» **WORK REQUIRED**
Your task is to copy every line of the entries that holds the word "components".

*** LISTED RECORDS ***

Lemma seqmin_cat a b : a != [::] -> b != [::] ->
  seqmin (a ++ b) = minn (seqmin a) (seqmin b).
Proof.
move=> a0 b0; apply: seqmin_eq => [|y]; last first.
  by rewrite mem_cat geq_min => /orP[] /seqmin_le ->; rewrite ?orbT.
by rewrite /minn mem_cat; case: ifP => _; rewrite seqmin_mem ?orbT.
Qed.

Lemma seqmax_cat a b : seqmax (a ++ b) = maxn (seqmax a) (seqmax b).
Proof. by rewrite /seqmax !foldrE big_cat. Qed.

Lemma seqmax_mem s : seqmax s \in 0 :: s.
Proof.
elim: s => [|a s IH] /=; first exact: mem_head.
rewrite /maxn; case: ifP => _; last by rewrite !inE eqxx orbT.
by move: IH; rewrite !inE => /orP[]->; rewrite ?orbT.
Qed.

(* [minlab t] unfolds to [omin (labels t)]. *)
Definition omin (s : seq nat) : option nat :=
  if s is x :: s' then Some (foldr minn x s') else None.

Lemma omin_seqmin s : s != [::] -> omin s = Some (seqmin s).
Proof.
case: s => // a s _; congr Some; rewrite /seqmin /=.
by apply/esym/minn_idPr; rewrite foldr_minn_le ?mem_head.
Qed.

Lemma mem_seqmax_cat a b : uniq (a ++ b) -> 0 \notin b ->
  (seqmax (a ++ b) \in b) = (seqmax a < seqmax b).
Proof.
move=> ab_uniq b0; rewrite seqmax_cat /maxn; case: ltnP => [ab|ba].
  by have /predU1P[mb0|//] := seqmax_mem b; rewrite mb0 in ab.
apply/negbTE; have /predU1P[->//|] := seqmax_mem a.
exact: uniq_cat_notin.
Qed.

Lemma mem_seqmin_cat a b : uniq (a ++ b) ->
  (seqmin (a ++ b) \in b) = lt_oinf (omin b) (omin a).
Proof.
move=> ab_uniq; have [->|b0] := eqVneq b [::]; first by case: (omin a).
have [a0|a0] := eqVneq a [::]; first by rewrite a0 omin_seqmin //= seqmin_mem.
rewrite !omin_seqmin //= seqmin_cat // /minn; case: ltnP => [ab|ba].
  by rewrite ltnNge (ltnW ab); apply/negbTE/uniq_cat_notin/seqmin_mem.
rewrite seqmin_mem //; apply/esym; rewrite ltn_neqAle ba andbT.
by apply: contraTneq (seqmin_mem b0) => ->; apply/uniq_cat_notin/seqmin_mem.
Qed.

Lemma take_index_cat (a b : seq nat) x : x \notin a ->
  take (index x (a ++ x :: b)) (a ++ x :: b) = a.
Proof. by move=> xa; rewrite index_cat (negbTE xa) /= eqxx addn0 take_size_cat. Qed.
(* MUDAN (for any admissible priority rule) is incentive compatible: for every true profile $\theta$, every buyer $i$, every global profile $\theta'$ and every report $\theta''_i=(v''_i,r''_i)$ with $r''_i\subseteq r_i$, we have $u_i(\theta_i,\theta'_{-i})\ge u_i(\theta''_i,\theta''_{-i})$, where $\theta''_{-i}$ is obtained from $\theta'_{-i}$ by replacing by the silent report $(0,\varnothing)$ the report of every buyer that is not reachable from $s$ in the profile graph when $i$ reports $\theta''_i$.
   Context: Single-demand model. A seller $s$ has $m\ge 1$ identical items. Buyers $B=\{1,\dots,n\}$; each buyer $i$ wants at most one item and has a private true profile $\theta_i=(v_i,r_i)$, where $v_i\in\mathbb{R}_{\ge 0}$ is its valuation and $r_i\subseteq B$ its set of out-neighbours. The seller has a fixed, publicly known neighbour set $r_s\subseteq B$, and every buyer is reachable from $s$ in the directed graph with edges $(x,y)$ for $y\in r_x$. A buyer reports $\theta'_i=(v'_i,r'_i)$ with $v'_i\in\mathbb{R}_{\ge0}$ and $r'_i\subseteq r_i$. A global profile $\theta'=(\theta'_1,\dots,\theta'_n)$ determines the profile graph $G_{\theta'}$ on $\{s\}\cup B$ with an edge $(x,y)$ iff $y\in r'_x$ (for $x=s$ use $r_s$). Only buyers reachable from $s$ in $G_{\theta'}$ take part; an unreachable buyer is treated as having the silent report $(0,\varnothing)$ and gets no item and zero payment. A mechanism maps each global profile $\theta'$ to an allocation $\pi(\theta')\in\{0,1\}^n$ and payments $p(\theta')\in\mathbb{R}^n$. Utility: $u_i(\theta')=v_i\pi_i(\theta')-p_i(\theta')$ (true valuation). Priority rule: each buyer $i$ is given a priority $\sigma_i$ that is a function of its reported neighbour set $r'_i$ only (e.g. $\sigma_i=|r'_i|$), independent of all reported valuations and non-decreasing with respect to inclusion of $r'_i$; ties are broken by a fixed total order on buyers. MUDAN, run on a reported profile $\theta'$. It maintains an explored set $A\subseteq B$, a winner set $W\subseteq A$, remaining supply $m'=m-|W|$, and tentative payments. For current $A,W$ the potential-winner set $P(A,W)$ is: $P=A$ if $|A\setminus W|\le m'$; otherwise $P=W\cup\{$the $m'$ buyers of $A\setminus W$ with highest reported valuations$\}$ (ties broken by a fixed total order). Buyers in $A\setminus P$ are called exhausted. Initialise $A=r_s$, $W=\varnothing$, and repeat: (1) Closure: while some buyer $x\in W\cup(A\setminus P(A,W))$ (with $P$ recomputed from the current $A,W$) has $r'_x\not\subseteq A$, set $A\leftarrow A\cup r'_x$. (2) Let $P=P(A,W)$; if $P\setminus W=\varnothing$, stop. (3) Let $w$ be the buyer of $P\setminus W$ with highest priority; set its tentative payment $\hat p_w$ to the $(m'+1)$-th highest reported valuation in $A\setminus W$ (current $m'$, before adding $w$), or $0$ if $|A\setminus W|\le m'$; add $w$ to $W$. Output: every $w\in W$ gets $\pi_w=1$, $p_w=\hat p_w$; every other buyer gets $\pi_i=0$, $p_i=0$. *)

From HB Require Import structures.
From mathcomp Require Import all_boot all_order all_algebra.
Set Implicit Arguments. Unset Strict Implicit. Unset Printing Implicit Defensive.
Import Order.TTheory GRing.Theory Num.Theory.
Local Open Scope ring_scope.

Section Mudan.
Variables (R : realDomainType) (n : nat).

(* buyers are 'I_n; a report is (valuation, reported out-neighbour set) *)
Definition report := (R * {set 'I_n})%type.
Definition profile := 'I_n -> report.
Definition silent : report := (0, set0).

Definition upd (p : profile) (i : 'I_n) (x : report) : profile :=
  fun j => if j == i then x else p j.

(* buyers reachable from the seller s (with neighbour set rs) in the profile
   graph G_p: iterate "rs plus out-neighbours of the current set" *)
Definition reach_step (rs : {set 'I_n}) (p : profile) (X : {set 'I_n}) :
  {set 'I_n} := rs :|: \bigcup_(x in X) (p x).2.
Definition reachable (rs : {set 'I_n}) (p : profile) : {set 'I_n} :=
  iter n.+1 (reach_step rs p) set0.

Definition silence_unreach (rs : {set 'I_n}) (p : profile) (i : 'I_n) : profile :=
  fun j => if (j == i) || (j \in reachable rs p) then p j else silent.

Definition vbeats (p : profile) (y x : 'I_n) : bool :=
  ((p x).1 < (p y).1) || (((p y).1 == (p x).1) && (y < x)%N).

Definition topk (p : profile) (k : nat) (S : {set 'I_n}) : {set 'I_n} :=
  [set x in S | (#|[set y in S | vbeats p y x]| < k)%N].

(* the (k+1)-th highest reported valuation in S (0 if it does not exist) *)
Definition kth_val (p : profile) (k : nat) (S : {set 'I_n}) : R :=
  match [pick y in S | #|[set z in S | vbeats p z y]| == k] with
  | Some y => (p y).1
  | None => 0
  end.

(* potential-winner set P(A,W), with remaining supply m - |W| *)
Definition potential (p : profile) (m : nat) (A W : {set 'I_n}) : {set 'I_n} :=
  let m' := (m - #|W|)%N in
  if (#|A :\: W| <= m')%N then A else W :|: topk p m' (A :\: W).

(* buyers whose neighbours are to be explored: winners and exhausted buyers *)
Definition to_expand (p : profile) (m : nat) (A W : {set 'I_n}) : {set 'I_n} :=
  W :|: (A :\: potential p m A W).

(* closure step (1); each iteration adds a new buyer, so fuel n.+1 suffices *)
Fixpoint closure (fuel : nat) (p : profile) (m : nat) (A W : {set 'I_n}) :
  {set 'I_n} :=
  match fuel with
  | 0 => A
  | f.+1 =>
    match [pick x in to_expand p m A W | ~~ ((p x).2 \subset A)] with
    | Some x => closure f p m (A :|: (p x).2) W
    | None => A
    end
  end.

Definition pbeats (prio : {set 'I_n} -> nat) (p : profile) (x y : 'I_n) : bool :=
  (prio (p y).2 < prio (p x).2)%N || ((prio (p x).2 == prio (p y).2) && (x < y)%N).

Definition top_prio (prio : {set 'I_n} -> nat) (p : profile) (S : {set 'I_n}) :
  option 'I_n :=
  [pick x in S | [forall y in S, (y == x) || pbeats prio p x y]].

(* main loop; each iteration adds a new winner, so fuel n.+1 suffices.
   Returns the winner set and tentative payments. *)
Fixpoint mudan_loop (fuel : nat) (prio : {set 'I_n} -> nat) (p : profile)
  (m : nat) (A W : {set 'I_n}) (pay : 'I_n -> R) : {set 'I_n} * ('I_n -> R) :=
  match fuel with
  | 0 => (W, pay)
  | f.+1 =>
    let A1 := closure n.+1 p m A W in
    let P := potential p m A1 W in
    match top_prio prio p (P :\: W) with
    | None => (W, pay)
    | Some w =>
      let m' := (m - #|W|)%N in
      let price := if (#|A1 :\: W| <= m')%N then 0 else kth_val p m' (A1 :\: W) in
      mudan_loop f prio p m A1 (w |: W) (fun j => if j == w then price else pay j)
    end
  end.

Definition mudan (prio : {set 'I_n} -> nat) (rs : {set 'I_n}) (m : nat)
  (p : profile) : ('I_n -> bool) * ('I_n -> R) :=
  let res := mudan_loop n.+1 prio p m rs set0 (fun _ => 0) in
  (fun j => j \in res.1, fun j => if j \in res.1 then res.2 j else 0).

Definition utility (vi : R) (i : 'I_n) (out : ('I_n -> bool) * ('I_n -> R)) : R :=
  (if out.1 i then vi else 0) - out.2 i.

End Mudan.

From Pilot Require Import Defs.
From HB Require Import structures.
From mathcomp Require Import all_boot all_order all_algebra.
From mathcomp Require Import zify.
Import Order.TTheory GRing.Theory Num.Theory.
Local Open Scope ring_scope.
Set Implicit Arguments. Unset Strict Implicit. Unset Printing Implicit Defensive.

(* Fix a buyer i and compare the deviating profile pD (i reports rep'', the
   others report theta') with the truthful profile pT (i reports theta_i); the
   two agree off i, i's true valuation is (pT i).1, and since i may only hide
   neighbours, i's priority under pD is at most its priority under pT.

   First, silencing the buyers unreachable under pD changes nothing, because
   MUDAN only reads reports inside any neighbour-closed set containing the
   seller's neighbours (section Locality).  Along a run, the
   number of i's rivals of any kind exceeds the remaining supply by more and
   more (relation [tighter]); hence i's membership in the potential-winner set
   is antitone, and if i wins under pD it pays the clearing price of some later
   state.  When that price c is below i's true valuation, i is a potential
   winner under pT in every intermediate state, so both runs explore the same
   buyers, see the same potential winners and, by monotonicity of priorities,
   pick the same winners until i is picked under pT, at a price at most c
   (price_truthful_le).  With individual rationality of the truthful report
   (payoff_ge0) this yields the theorem. *)

Section Rank.
Variables (T : finType) (lt : rel T).
Hypotheses (lt_irr : irreflexive lt) (lt_trans : transitive lt).
Hypothesis lt_total : forall x y, x != y -> lt x y || lt y x.
Implicit Types (S : {set T}) (x y : T).
(* Let $\kappa_1,\kappa_2$ be real constants and $F$ a smooth real function of one variable. Consider the equation $$\sigma_{rr}+(\kappa_1+\kappa_2)\frac{\sigma_r}{r}-\kappa_1(1-\kappa_2)\frac{\sigma}{r^2}=\big(F(\sigma)\big)_{tt}$$ for a smooth function $\sigma(r,t)$, $r>0$. Then every smooth solution satisfies the four conservation laws $\partial_r T^r+\partial_t T^t=0$ with $(T^r,T^t)$ given by $$\Big(r^{\kappa_2-1}(r\sigma_r+\kappa_1\sigma),\ -r^{\kappa_2}\sigma_tF'(\sigma)\Big),$$ $$\Big(t\,r^{\kappa_2-1}(r\sigma_r+\kappa_1\sigma),\ r^{\kappa_2}\big(F(\sigma)-t\sigma_tF'(\sigma)\big)\Big),$$ $$\Big(r^{\kappa_1}\big(r\sigma_r-(1-\kappa_2)\sigma\big),\ -r^{1+\kappa_1}\sigma_tF'(\sigma)\Big),$$ $$\Big(t\,r^{\kappa_1}\big(r\sigma_r-(1-\kappa_2)\sigma\big),\ r^{1+\kappa_1}\big(F(\sigma)-t\sigma_tF'(\sigma)\big)\Big),$$ corresponding to the multipliers $r^{\kappa_2}$, $tr^{\kappa_2}$, $r^{1+\kappa_1}$, $tr^{1+\kappa_1}$, respectively.
   Context: Subscripts denote partial derivatives; $F'$ is the derivative of $F$. *)

From Stdlib Require Import Reals List.
From Coquelicot Require Import Coquelicot.
Open Scope R_scope.

Definition pr (f : R -> R -> R) (r t : R) : R := Derive (fun x => f x t) r.
Definition pt (f : R -> R -> R) (r t : R) : R := Derive (fun y => f r y) t.

Fixpoint dw (w : list bool) (f : R -> R -> R) : R -> R -> R :=
  match w with
  | nil => f
  | b :: w' => if b then pr (dw w' f) else pt (dw w' f)
  end.

Definition smooth_half (f : R -> R -> R) : Prop :=
  forall (w : list bool) (r t : R), 0 < r ->
    ex_derive (fun x => dw w f x t) r /\
    ex_derive (fun y => dw w f r y) t /\
    continuity_2d_pt (dw w f) r t.

Definition smooth1 (F : R -> R) : Prop :=
  forall (n : nat) (x : R), ex_derive (Derive_n F n) x.

Definition divergence (Tr Tt : R -> R -> R) (r t : R) : R :=
  pr Tr r t + pt Tt r t.

Section Currents.
Variables (k1 k2 : R) (F : R -> R) (sigma : R -> R -> R).

Definition T1r r t := Rpower r (k2 - 1) * (r * pr sigma r t + k1 * sigma r t).
Definition T1t r t := - Rpower r k2 * pt sigma r t * Derive F (sigma r t).

Definition T2r r t := t * Rpower r (k2 - 1) * (r * pr sigma r t + k1 * sigma r t).
Definition T2t r t :=
  Rpower r k2 * (F (sigma r t) - t * pt sigma r t * Derive F (sigma r t)).

Definition T3r r t := Rpower r k1 * (r * pr sigma r t - (1 - k2) * sigma r t).
Definition T3t r t := - Rpower r (1 + k1) * pt sigma r t * Derive F (sigma r t).

Definition T4r r t := t * Rpower r k1 * (r * pr sigma r t - (1 - k2) * sigma r t).
Definition T4t r t :=
  Rpower r (1 + k1) * (F (sigma r t) - t * pt sigma r t * Derive F (sigma r t)).
End Currents.

From Stdlib Require Import Reals List Lra.
From Coquelicot Require Import Coquelicot.
Open Scope R_scope.

(* Each current has divergence equal to its multiplier times the residual
   L sigma - (F sigma)_tt of the equation, L being the operator on its left.
   For the r-components this is the integrating-factor identity
     d/dr [r^(a-1) (r sigma_r + c sigma)]
       = r^a (sigma_rr + (a+c) sigma_r / r + c (a-1) sigma / r^2),
   which gives L for (a, c) = (k2, k1) and (a, c) = (1 + k1, k2 - 1).  For the
   t-components, sigma_t F'(sigma) = (F sigma)_t, so -r^a (F sigma)_t has
   t-derivative -r^a (F sigma)_tt and r^a (F sigma - t (F sigma)_t) has
   t-derivative -t r^a (F sigma)_tt. *)

Definition radial_op (k1 k2 : R) (sigma : R -> R -> R) (r t : R) : R :=
  pr (pr sigma) r t + (k1 + k2) * pr sigma r t / r
    - k1 * (1 - k2) * sigma r t / r ^ 2.

Lemma is_derive_Rpower (a r : R) :
  0 < r -> is_derive (fun x => Rpower x a) r (a * Rpower r (a - 1)).
Proof. intros Hr; apply is_derive_Reals, derivable_pt_lim_power, Hr. Qed.

Lemma Rpower_sub1 (a r : R) : 0 < r -> Rpower r (a - 1) = Rpower r a / r.
Proof.
  intros Hr; unfold Rminus.
  rewrite Rpower_plus, Rpower_Ropp, Rpower_1 by exact Hr; reflexivity.
Qed.

Section RadialCurrents.
Variables (sigma : R -> R -> R) (r t : R).
Hypothesis Hr : 0 < r.
Hypothesis Hsigma : ex_derive (fun x => sigma x t) r.
Hypothesis Hsigma_r : ex_derive (fun x => pr sigma x t) r.

Lemma pr_radial_current (a c : R) :
  pr (fun x y => Rpower x (a - 1) * (x * pr sigma x y + c * sigma x y)) r t
  = Rpower r a * (pr (pr sigma) r t + (a + c) * pr sigma r t / r
                  + c * (a - 1) * sigma r t / r ^ 2).
Proof.
  pose proof (is_derive_Rpower (a - 1) r Hr) as HP.
  unfold pr at 1; apply is_derive_unique; auto_derive.
  - repeat split; [eexists; exact HP | exact Hsigma_r | exact Hsigma].
  - rewrite (is_derive_unique (fun x : R => Rpower x (a - 1)) r _ HP).
    change (Derive (fun x => pr sigma x t) r) with (pr (pr sigma) r t).
    change (Derive (fun x => sigma x t) r) with (pr sigma r t).
    rewrite !(Rpower_sub1 _ r Hr).
    field; lra.
Qed.

Lemma pr_T1r (k1 k2 : R) :
  pr (T1r k1 k2 sigma) r t = Rpower r k2 * radial_op k1 k2 sigma r t.
Proof.
  change (T1r k1 k2 sigma)
    with (fun x y => Rpower x (k2 - 1) * (x * pr sigma x y + k1 * sigma x y)).
  rewrite pr_radial_current; unfold radial_op, Rminus, Rdiv; ring.
Qed.

Lemma pr_T3r (k1 k2 : R) :
  pr (T3r k1 k2 sigma) r t = Rpower r (1 + k1) * radial_op k1 k2 sigma r t.
Proof.
  transitivity (pr (fun x y =>
    Rpower x ((1 + k1) - 1) * (x * pr sigma x y + (k2 - 1) * sigma x y)) r t).
  - unfold pr at 1 2; apply Derive_ext; intros x; unfold T3r.
    replace (1 + k1 - 1) with k1 by ring; ring.
  - rewrite pr_radial_current; unfold radial_op, Rminus, Rdiv; ring.
Qed.

End RadialCurrents.

Lemma pr_T2r (k1 k2 : R) (sigma : R -> R -> R) (r t : R) :
  pr (T2r k1 k2 sigma) r t = t * pr (T1r k1 k2 sigma) r t.
Proof.
  unfold pr; rewrite <- Derive_scal; apply Derive_ext; intros x.
  unfold T1r, T2r; ring.
Qed.

Lemma pr_T4r (k1 k2 : R) (sigma : R -> R -> R) (r t : R) :
  pr (T4r k1 k2 sigma) r t = t * pr (T3r k1 k2 sigma) r t.
Proof.
  unfold pr; rewrite <- Derive_scal; apply Derive_ext; intros x.
  unfold T3r, T4r; ring.
Qed.

Section TimeCurrents.
Variables (F : R -> R) (sigma : R -> R -> R) (r : R).
Hypothesis HF : forall x, ex_derive F x.
Hypothesis Hsigma_t : forall t, ex_derive (fun y => sigma r y) t.

Let Fs (x y : R) : R := F (sigma x y).

Lemma pt_comp (t : R) : pt Fs r t = pt sigma r t * Derive F (sigma r t).
Proof.
  apply is_derive_unique, (is_derive_comp F (fun y => sigma r y)).
  - apply Derive_correct, HF.
  - apply Derive_correct, Hsigma_t.
Qed.

Lemma ex_derive_pt_comp (t : R) :
  ex_derive (Derive F) (sigma r t) -> ex_derive (fun y => pt sigma r y) t ->
  ex_derive (fun y => pt Fs r y) t.
Proof.
  intros HF' Hsigma_tt.
  apply (ex_derive_ext (fun y => pt sigma r y * Derive F (sigma r y))).
  - intros y; symmetry; apply pt_comp.
  - apply ex_derive_mult; [exact Hsigma_tt |].
    apply (ex_derive_comp (Derive F) (fun y => sigma r y)); [exact HF' | apply Hsigma_t].
Qed.

Lemma pt_T1t (a t : R) : pt (T1t a F sigma) r t = - Rpower r a * pt (pt Fs) r t.
Proof.
  unfold pt at 1 2; rewrite <- Derive_scal; apply Derive_ext; intros y.
  unfold T1t; rewrite pt_comp; ring.
Qed.

Lemma pt_T2t (a t : R) :
  ex_derive (fun y => pt Fs r y) t ->
  pt (T2t a F sigma) r t = - Rpower r a * (t * pt (pt Fs) r t).
Proof.
  intros HFs_t.
  assert (E : forall y, Rpower r a * (Fs r y - y * pt Fs r y) = T2t a F sigma r y).
  { intros y; unfold T2t, Fs; rewrite pt_comp; ring. }
  apply is_derive_unique, (is_derive_ext _ _ _ _ E); auto_derive.
  - split; [apply (ex_derive_comp F (fun y => sigma r y)); auto | auto].
  - change (Derive (fun x => Fs r x) t) with (pt Fs r t).
    change (Derive (fun x => pt Fs r x) t) with (pt (pt Fs) r t).
    ring.
Qed.

End TimeCurrents.

Theorem mainTheorem2 (k1 k2 : R) (F : R -> R) (sigma : R -> R -> R)
  (HF : smooth1 F) (Hs : smooth_half sigma)
  (Heq : forall r t : R, 0 < r ->
     pr (pr sigma) r t + (k1 + k2) * pr sigma r t / r
       - k1 * (1 - k2) * sigma r t / r ^ 2
     = pt (pt (fun r' t' => F (sigma r' t'))) r t) :
  forall r t : R, 0 < r ->
    divergence (T1r k1 k2 sigma) (T1t k2 F sigma) r t = 0 /\
    divergence (T2r k1 k2 sigma) (T2t k2 F sigma) r t = 0 /\
    divergence (T3r k1 k2 sigma) (T3t k1 F sigma) r t = 0 /\
    divergence (T4r k1 k2 sigma) (T4t k1 F sigma) r t = 0.
Proof.
  intros r t Hr.
  pose proof (proj1 (Hs nil r t Hr)) as Hsigma.
  pose proof (proj1 (Hs (true :: nil) r t Hr)) as Hsigma_r.
  pose proof (fun y => proj1 (proj2 (Hs nil r y Hr))) as Hsigma_t.
  pose proof (proj1 (proj2 (Hs (false :: nil) r t Hr))) as Hsigma_tt.
  pose proof (HF 0%nat) as HF0.
  pose proof (ex_derive_pt_comp F sigma r HF0 Hsigma_t t (HF 1%nat _) Hsigma_tt)
    as HFs_t.
  pose proof (Heq r t Hr : radial_op k1 k2 sigma r t = _) as HL.
  change (T3t k1 F sigma) with (T1t (1 + k1) F sigma).
  change (T4t k1 F sigma) with (T2t (1 + k1) F sigma).
  unfold divergence.
  rewrite pr_T2r, pr_T4r, pr_T1r, pr_T3r, !pt_T1t, !pt_T2t, HL by assumption.
  repeat split; ring.
Qed.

*** End of LISTED RECORDS ***

» **ANSWER SPACE**
   For the r-components this is the integrating-factor identity
   t-components, sigma_t F'(sigma) = (F sigma)_t, so -r^a (F sigma)_t has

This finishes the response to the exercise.